THE PROBLEM:
Go to the line below containing "Definition wY (t" and print exactly from there through the line containing "Definition Xmx (R : comNzRingType) (k : nat)", both included. Print nothing else.

[Start of section]

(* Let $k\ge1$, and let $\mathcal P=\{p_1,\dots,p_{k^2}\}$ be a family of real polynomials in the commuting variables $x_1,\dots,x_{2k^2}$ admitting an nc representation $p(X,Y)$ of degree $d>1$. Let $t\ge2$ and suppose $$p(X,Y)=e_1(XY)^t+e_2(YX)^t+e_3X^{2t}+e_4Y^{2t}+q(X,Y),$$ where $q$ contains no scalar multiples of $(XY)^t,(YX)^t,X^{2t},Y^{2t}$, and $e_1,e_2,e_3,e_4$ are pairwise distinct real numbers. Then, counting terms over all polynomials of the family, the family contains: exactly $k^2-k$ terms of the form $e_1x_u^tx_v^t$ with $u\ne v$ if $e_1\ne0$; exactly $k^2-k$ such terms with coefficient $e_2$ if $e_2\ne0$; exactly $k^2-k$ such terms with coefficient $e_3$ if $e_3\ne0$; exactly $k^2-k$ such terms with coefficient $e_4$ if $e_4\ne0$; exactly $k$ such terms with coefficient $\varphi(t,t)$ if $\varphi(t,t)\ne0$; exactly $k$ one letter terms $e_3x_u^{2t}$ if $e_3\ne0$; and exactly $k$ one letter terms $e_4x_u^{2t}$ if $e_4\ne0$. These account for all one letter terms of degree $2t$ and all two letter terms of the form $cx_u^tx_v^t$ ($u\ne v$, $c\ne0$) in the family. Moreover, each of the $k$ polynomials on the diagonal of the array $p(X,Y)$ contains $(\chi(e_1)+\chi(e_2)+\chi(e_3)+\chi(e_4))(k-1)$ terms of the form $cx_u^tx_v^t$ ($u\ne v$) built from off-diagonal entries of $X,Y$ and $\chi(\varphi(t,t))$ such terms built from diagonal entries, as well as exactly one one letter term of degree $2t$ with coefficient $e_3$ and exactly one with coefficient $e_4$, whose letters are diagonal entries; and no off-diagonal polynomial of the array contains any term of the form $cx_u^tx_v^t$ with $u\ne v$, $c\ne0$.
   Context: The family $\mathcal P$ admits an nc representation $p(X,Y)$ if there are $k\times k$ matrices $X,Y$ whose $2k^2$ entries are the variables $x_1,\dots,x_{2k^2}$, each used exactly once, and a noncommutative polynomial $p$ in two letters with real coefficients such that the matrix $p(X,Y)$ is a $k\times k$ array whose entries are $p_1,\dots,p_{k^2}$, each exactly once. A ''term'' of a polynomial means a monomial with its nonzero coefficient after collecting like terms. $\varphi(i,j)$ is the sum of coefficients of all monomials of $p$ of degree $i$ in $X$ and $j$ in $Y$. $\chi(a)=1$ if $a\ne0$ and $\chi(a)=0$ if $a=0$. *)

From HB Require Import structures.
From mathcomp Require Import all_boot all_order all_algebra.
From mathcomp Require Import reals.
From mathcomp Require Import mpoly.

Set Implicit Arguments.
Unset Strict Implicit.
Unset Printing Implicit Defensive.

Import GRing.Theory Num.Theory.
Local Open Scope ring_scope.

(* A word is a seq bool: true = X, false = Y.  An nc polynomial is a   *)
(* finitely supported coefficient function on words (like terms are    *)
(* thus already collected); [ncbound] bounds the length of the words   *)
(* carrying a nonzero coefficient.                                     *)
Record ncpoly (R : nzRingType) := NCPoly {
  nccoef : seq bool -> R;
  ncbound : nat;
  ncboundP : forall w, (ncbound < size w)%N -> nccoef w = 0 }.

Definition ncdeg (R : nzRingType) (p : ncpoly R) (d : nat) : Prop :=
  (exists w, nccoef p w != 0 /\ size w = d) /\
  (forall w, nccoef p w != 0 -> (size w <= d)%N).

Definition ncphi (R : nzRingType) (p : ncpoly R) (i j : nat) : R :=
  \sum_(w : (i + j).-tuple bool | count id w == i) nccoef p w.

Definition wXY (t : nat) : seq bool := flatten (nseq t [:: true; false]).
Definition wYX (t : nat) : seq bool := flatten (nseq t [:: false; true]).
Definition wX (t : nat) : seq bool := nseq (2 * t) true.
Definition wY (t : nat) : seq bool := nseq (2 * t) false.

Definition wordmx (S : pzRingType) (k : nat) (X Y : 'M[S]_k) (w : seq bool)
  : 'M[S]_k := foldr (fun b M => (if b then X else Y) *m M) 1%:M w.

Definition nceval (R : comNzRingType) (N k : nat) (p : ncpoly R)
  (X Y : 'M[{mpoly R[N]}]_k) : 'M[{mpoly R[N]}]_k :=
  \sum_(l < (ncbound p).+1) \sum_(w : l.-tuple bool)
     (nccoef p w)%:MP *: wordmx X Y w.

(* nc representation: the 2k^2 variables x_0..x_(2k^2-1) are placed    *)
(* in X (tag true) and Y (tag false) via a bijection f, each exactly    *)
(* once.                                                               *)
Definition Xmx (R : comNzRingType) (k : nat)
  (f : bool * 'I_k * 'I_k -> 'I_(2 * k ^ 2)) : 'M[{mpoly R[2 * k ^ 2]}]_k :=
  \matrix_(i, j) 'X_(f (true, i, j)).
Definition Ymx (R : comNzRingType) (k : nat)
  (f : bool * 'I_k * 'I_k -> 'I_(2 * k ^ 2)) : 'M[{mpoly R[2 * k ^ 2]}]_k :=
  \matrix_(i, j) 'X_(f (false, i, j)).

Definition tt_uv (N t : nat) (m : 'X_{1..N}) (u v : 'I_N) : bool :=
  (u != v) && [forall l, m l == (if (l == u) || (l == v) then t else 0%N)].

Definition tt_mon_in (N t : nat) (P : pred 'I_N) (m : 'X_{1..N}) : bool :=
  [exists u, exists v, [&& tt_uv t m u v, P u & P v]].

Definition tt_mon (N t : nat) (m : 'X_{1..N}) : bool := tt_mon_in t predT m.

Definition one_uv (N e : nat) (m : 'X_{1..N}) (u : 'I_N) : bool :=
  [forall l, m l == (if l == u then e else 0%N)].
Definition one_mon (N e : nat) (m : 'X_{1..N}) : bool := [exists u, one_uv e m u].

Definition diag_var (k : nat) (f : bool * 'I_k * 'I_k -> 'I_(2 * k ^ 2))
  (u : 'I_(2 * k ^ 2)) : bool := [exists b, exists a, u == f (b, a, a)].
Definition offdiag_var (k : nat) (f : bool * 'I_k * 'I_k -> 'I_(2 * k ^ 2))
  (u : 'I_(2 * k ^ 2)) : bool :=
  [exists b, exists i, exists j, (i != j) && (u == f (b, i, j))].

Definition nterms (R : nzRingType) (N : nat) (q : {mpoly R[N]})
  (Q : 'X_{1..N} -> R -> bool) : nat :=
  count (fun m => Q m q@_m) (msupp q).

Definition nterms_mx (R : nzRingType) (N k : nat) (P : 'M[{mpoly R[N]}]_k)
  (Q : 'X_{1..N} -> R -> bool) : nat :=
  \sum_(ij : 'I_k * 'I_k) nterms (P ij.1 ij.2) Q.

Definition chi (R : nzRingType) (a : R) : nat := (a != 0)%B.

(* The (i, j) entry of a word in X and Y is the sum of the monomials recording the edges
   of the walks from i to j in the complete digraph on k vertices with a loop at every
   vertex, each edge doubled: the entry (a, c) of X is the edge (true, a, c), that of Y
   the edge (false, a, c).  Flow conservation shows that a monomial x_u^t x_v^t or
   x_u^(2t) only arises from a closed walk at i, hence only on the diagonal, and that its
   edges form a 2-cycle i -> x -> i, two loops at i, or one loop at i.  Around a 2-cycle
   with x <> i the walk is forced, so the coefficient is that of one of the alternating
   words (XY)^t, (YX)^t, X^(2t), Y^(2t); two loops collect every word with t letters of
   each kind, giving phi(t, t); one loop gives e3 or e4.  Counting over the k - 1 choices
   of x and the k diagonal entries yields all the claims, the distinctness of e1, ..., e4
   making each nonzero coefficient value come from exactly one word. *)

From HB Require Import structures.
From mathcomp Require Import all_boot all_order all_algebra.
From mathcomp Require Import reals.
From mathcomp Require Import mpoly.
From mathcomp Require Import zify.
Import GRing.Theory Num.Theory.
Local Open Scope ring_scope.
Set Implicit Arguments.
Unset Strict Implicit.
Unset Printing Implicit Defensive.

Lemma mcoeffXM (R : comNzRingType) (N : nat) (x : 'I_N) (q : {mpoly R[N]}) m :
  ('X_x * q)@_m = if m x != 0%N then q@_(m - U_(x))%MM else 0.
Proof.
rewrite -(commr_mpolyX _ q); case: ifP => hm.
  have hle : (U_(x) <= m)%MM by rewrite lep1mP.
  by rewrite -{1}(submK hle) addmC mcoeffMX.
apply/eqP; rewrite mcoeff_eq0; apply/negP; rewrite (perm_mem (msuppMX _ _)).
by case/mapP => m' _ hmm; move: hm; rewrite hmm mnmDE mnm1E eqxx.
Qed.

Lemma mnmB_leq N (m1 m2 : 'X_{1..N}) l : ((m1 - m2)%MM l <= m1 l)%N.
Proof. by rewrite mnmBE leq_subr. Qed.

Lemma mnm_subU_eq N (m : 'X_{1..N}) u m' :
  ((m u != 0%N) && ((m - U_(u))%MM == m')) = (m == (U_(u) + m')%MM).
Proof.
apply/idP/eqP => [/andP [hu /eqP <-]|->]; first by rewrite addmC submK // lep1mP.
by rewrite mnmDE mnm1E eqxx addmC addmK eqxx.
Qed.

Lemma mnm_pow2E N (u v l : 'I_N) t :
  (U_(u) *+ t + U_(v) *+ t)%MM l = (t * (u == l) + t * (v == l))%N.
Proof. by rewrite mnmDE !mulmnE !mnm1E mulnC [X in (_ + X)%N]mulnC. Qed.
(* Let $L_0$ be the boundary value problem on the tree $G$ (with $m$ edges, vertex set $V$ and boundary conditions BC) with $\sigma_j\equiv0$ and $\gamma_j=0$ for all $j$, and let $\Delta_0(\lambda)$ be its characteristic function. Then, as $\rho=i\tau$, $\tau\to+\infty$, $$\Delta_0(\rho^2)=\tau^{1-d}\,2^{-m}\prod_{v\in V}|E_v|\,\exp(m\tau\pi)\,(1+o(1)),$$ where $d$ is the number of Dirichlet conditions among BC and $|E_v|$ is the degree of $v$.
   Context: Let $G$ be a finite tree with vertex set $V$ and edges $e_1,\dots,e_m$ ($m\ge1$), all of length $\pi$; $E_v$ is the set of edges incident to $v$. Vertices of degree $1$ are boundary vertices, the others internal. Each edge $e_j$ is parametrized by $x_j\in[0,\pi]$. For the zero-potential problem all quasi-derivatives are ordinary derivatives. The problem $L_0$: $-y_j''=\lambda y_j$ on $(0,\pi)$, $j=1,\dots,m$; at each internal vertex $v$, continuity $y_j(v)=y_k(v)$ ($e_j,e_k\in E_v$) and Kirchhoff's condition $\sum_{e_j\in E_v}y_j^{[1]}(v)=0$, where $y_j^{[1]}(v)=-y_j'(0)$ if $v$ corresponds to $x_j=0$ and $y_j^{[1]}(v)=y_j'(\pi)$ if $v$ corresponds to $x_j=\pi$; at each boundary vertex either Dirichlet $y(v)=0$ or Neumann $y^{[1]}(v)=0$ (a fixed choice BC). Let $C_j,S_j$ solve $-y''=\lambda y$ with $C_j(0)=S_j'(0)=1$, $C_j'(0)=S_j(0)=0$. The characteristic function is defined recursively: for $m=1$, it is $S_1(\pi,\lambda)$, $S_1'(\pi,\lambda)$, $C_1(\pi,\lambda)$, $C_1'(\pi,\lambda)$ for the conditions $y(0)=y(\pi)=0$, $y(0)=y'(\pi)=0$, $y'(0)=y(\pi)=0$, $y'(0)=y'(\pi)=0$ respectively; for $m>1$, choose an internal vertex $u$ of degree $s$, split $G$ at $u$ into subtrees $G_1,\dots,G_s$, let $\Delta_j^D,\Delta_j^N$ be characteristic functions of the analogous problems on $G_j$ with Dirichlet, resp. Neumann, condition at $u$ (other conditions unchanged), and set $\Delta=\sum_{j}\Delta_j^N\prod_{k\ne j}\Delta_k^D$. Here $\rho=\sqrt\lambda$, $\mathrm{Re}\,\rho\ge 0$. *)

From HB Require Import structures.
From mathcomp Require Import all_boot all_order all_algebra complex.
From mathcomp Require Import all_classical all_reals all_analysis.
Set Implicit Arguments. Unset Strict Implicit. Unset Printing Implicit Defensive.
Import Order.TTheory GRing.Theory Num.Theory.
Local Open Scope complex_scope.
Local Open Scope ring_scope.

[End of section]
[Start of section]

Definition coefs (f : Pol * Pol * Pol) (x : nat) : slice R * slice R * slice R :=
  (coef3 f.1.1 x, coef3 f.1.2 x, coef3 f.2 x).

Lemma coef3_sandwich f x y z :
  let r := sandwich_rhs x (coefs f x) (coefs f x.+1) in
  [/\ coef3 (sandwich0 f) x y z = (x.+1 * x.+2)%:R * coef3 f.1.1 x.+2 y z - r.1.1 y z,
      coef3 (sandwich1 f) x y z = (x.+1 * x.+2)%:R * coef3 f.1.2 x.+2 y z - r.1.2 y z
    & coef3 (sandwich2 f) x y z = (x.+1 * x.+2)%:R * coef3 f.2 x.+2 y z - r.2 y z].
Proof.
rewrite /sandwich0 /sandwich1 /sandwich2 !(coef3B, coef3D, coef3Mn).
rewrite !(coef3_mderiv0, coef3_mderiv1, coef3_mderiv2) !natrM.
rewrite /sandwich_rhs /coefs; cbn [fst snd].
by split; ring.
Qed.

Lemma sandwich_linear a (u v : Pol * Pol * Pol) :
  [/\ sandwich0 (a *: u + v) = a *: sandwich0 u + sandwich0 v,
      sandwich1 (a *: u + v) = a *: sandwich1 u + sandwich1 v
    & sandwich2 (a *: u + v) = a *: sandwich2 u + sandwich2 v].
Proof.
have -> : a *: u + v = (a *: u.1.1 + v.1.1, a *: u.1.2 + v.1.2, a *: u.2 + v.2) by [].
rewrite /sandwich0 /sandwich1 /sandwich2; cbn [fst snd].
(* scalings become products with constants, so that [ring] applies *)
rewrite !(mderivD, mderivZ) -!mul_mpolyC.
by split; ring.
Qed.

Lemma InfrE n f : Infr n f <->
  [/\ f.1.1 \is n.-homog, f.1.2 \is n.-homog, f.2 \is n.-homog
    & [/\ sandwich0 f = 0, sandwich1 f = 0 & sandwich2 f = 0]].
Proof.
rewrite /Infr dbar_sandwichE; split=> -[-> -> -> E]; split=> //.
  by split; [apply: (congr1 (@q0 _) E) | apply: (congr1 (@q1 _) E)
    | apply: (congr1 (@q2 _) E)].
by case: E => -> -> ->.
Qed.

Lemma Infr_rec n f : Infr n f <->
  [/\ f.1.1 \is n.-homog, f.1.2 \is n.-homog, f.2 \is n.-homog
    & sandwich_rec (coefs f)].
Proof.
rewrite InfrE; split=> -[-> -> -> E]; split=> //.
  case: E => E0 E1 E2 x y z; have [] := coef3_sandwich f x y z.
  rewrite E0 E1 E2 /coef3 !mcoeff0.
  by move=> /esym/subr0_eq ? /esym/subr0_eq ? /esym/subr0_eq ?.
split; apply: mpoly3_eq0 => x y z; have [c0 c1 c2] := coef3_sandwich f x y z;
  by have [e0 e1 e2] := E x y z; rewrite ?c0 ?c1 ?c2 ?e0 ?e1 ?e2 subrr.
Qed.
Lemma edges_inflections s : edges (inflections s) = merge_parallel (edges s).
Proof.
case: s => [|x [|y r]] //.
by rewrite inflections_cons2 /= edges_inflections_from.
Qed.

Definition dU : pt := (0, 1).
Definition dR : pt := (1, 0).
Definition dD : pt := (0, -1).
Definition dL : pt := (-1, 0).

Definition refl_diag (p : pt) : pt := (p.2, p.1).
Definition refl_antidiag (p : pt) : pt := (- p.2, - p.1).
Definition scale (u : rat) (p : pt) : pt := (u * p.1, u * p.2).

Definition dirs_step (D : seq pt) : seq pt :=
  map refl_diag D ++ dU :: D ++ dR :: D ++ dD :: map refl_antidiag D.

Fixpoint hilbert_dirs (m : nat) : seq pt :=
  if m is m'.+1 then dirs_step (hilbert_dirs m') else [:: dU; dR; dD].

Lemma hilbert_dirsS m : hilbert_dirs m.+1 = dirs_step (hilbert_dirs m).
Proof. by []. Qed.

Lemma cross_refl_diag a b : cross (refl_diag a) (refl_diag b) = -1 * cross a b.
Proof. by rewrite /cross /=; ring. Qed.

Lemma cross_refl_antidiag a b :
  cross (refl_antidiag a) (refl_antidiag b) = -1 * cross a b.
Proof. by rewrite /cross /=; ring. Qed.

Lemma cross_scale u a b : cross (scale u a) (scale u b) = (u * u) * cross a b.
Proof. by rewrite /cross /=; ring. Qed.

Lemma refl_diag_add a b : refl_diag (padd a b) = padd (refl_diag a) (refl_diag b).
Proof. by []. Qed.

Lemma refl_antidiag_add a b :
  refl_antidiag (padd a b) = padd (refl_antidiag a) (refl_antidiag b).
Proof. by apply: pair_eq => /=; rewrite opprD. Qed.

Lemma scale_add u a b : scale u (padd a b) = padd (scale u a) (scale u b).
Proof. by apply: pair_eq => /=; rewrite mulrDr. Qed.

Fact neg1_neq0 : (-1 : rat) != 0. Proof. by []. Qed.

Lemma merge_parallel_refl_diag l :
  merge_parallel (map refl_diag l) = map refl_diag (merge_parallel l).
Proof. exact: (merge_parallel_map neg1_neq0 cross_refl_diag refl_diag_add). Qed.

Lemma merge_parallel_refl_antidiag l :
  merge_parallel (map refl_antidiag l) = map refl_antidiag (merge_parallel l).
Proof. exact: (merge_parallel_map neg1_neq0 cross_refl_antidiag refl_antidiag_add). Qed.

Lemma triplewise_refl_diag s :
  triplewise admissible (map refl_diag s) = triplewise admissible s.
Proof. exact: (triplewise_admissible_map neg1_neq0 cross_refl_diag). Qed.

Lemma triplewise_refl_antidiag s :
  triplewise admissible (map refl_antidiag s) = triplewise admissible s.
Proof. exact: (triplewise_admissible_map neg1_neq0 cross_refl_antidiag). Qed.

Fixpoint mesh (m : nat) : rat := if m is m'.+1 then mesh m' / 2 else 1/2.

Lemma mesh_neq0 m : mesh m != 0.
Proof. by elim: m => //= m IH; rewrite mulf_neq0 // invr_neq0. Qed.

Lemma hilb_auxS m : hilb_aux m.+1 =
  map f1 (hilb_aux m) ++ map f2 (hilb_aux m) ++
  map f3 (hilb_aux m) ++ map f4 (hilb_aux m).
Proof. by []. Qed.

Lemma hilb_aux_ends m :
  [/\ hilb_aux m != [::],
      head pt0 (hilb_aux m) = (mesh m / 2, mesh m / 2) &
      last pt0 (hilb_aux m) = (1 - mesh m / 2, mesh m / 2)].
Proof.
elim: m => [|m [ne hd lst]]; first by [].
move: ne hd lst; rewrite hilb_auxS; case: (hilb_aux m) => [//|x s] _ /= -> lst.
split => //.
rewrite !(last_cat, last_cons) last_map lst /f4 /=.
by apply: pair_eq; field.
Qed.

[End of section]

WRITTEN SOLUTION:
Definition wY (t : nat) : seq bool := nseq (2 * t) false.

Definition wordmx (S : pzRingType) (k : nat) (X Y : 'M[S]_k) (w : seq bool)
  : 'M[S]_k := foldr (fun b M => (if b then X else Y) *m M) 1%:M w.

Definition nceval (R : comNzRingType) (N k : nat) (p : ncpoly R)
  (X Y : 'M[{mpoly R[N]}]_k) : 'M[{mpoly R[N]}]_k :=
  \sum_(l < (ncbound p).+1) \sum_(w : l.-tuple bool)
     (nccoef p w)%:MP *: wordmx X Y w.

(* nc representation: the 2k^2 variables x_0..x_(2k^2-1) are placed    *)
(* in X (tag true) and Y (tag false) via a bijection f, each exactly    *)
(* once.                                                               *)
Definition Xmx (R : comNzRingType) (k : nat)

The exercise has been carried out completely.